How to complete this task:
Quote all entries in full, exactly.

[Stored items]

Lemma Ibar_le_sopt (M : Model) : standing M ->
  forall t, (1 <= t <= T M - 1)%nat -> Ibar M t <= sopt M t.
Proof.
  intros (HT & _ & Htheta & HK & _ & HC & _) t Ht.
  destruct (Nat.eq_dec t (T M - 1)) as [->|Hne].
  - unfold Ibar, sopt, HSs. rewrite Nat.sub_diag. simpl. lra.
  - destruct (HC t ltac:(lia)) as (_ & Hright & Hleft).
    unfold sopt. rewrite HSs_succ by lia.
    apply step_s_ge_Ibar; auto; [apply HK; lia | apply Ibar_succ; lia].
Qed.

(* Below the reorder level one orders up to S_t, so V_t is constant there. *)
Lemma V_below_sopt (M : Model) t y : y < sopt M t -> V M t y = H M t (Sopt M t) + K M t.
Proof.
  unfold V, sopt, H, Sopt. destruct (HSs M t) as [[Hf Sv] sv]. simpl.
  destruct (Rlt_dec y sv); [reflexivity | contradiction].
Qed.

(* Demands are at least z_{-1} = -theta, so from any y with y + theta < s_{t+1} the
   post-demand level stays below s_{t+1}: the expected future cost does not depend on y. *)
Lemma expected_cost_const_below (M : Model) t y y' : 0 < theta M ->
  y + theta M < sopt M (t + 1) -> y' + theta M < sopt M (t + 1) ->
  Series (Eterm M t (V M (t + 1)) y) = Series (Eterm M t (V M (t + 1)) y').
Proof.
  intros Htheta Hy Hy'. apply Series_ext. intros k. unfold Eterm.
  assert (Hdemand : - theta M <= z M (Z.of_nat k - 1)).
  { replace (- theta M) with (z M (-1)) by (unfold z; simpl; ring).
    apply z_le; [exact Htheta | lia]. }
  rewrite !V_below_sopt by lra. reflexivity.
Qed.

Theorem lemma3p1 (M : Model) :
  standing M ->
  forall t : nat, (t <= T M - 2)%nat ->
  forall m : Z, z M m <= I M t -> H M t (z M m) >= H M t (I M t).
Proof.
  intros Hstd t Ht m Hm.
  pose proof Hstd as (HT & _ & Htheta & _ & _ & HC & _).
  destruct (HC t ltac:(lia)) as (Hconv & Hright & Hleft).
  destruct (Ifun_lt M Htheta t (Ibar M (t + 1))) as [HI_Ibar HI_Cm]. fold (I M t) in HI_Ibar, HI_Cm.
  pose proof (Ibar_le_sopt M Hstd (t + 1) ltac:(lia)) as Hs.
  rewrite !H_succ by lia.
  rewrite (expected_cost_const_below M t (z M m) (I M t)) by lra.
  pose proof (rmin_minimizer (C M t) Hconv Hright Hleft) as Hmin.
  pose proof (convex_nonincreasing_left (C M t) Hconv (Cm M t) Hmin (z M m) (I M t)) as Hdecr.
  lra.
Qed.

Task result:
Lemma Ibar_le_sopt (M : Model) : standing M ->
  forall t, (1 <= t <= T M - 1)%nat -> Ibar M t <= sopt M t.
Proof.
  intros (HT & _ & Htheta & HK & _ & HC & _) t Ht.
  destruct (Nat.eq_dec t (T M - 1)) as [->|Hne].
  - unfold Ibar, sopt, HSs. rewrite Nat.sub_diag. simpl. lra.
  - destruct (HC t ltac:(lia)) as (_ & Hright & Hleft).
    unfold sopt. rewrite HSs_succ by lia.
    apply step_s_ge_Ibar; auto; [apply HK; lia | apply Ibar_succ; lia].
Qed.

(* Below the reorder level one orders up to S_t, so V_t is constant there. *)
Lemma V_below_sopt (M : Model) t y : y < sopt M t -> V M t y = H M t (Sopt M t) + K M t.
Proof.
  unfold V, sopt, H, Sopt. destruct (HSs M t) as [[Hf Sv] sv]. simpl.
  destruct (Rlt_dec y sv); [reflexivity | contradiction].
Qed.

(* Demands are at least z_{-1} = -theta, so from any y with y + theta < s_{t+1} the
   post-demand level stays below s_{t+1}: the expected future cost does not depend on y. *)
Lemma expected_cost_const_below (M : Model) t y y' : 0 < theta M ->
  y + theta M < sopt M (t + 1) -> y' + theta M < sopt M (t + 1) ->
  Series (Eterm M t (V M (t + 1)) y) = Series (Eterm M t (V M (t + 1)) y').
Proof.
  intros Htheta Hy Hy'. apply Series_ext. intros k. unfold Eterm.
  assert (Hdemand : - theta M <= z M (Z.of_nat k - 1)).
  { replace (- theta M) with (z M (-1)) by (unfold z; simpl; ring).
    apply z_le; [exact Htheta | lia]. }
  rewrite !V_below_sopt by lra. reflexivity.
Qed.

Theorem lemma3p1 (M : Model) :
  standing M ->
  forall t : nat, (t <= T M - 2)%nat ->
  forall m : Z, z M m <= I M t -> H M t (z M m) >= H M t (I M t).
Proof.
  intros Hstd t Ht m Hm.
  pose proof Hstd as (HT & _ & Htheta & _ & _ & HC & _).
  destruct (HC t ltac:(lia)) as (Hconv & Hright & Hleft).
  destruct (Ifun_lt M Htheta t (Ibar M (t + 1))) as [HI_Ibar HI_Cm]. fold (I M t) in HI_Ibar, HI_Cm.
  pose proof (Ibar_le_sopt M Hstd (t + 1) ltac:(lia)) as Hs.
  rewrite !H_succ by lia.
  rewrite (expected_cost_const_below M t (z M m) (I M t)) by lra.
  pose proof (rmin_minimizer (C M t) Hconv Hright Hleft) as Hmin.
  pose proof (convex_nonincreasing_left (C M t) Hconv (Cm M t) Hmin (z M m) (I M t)) as Hdecr.
  lra.
Qed.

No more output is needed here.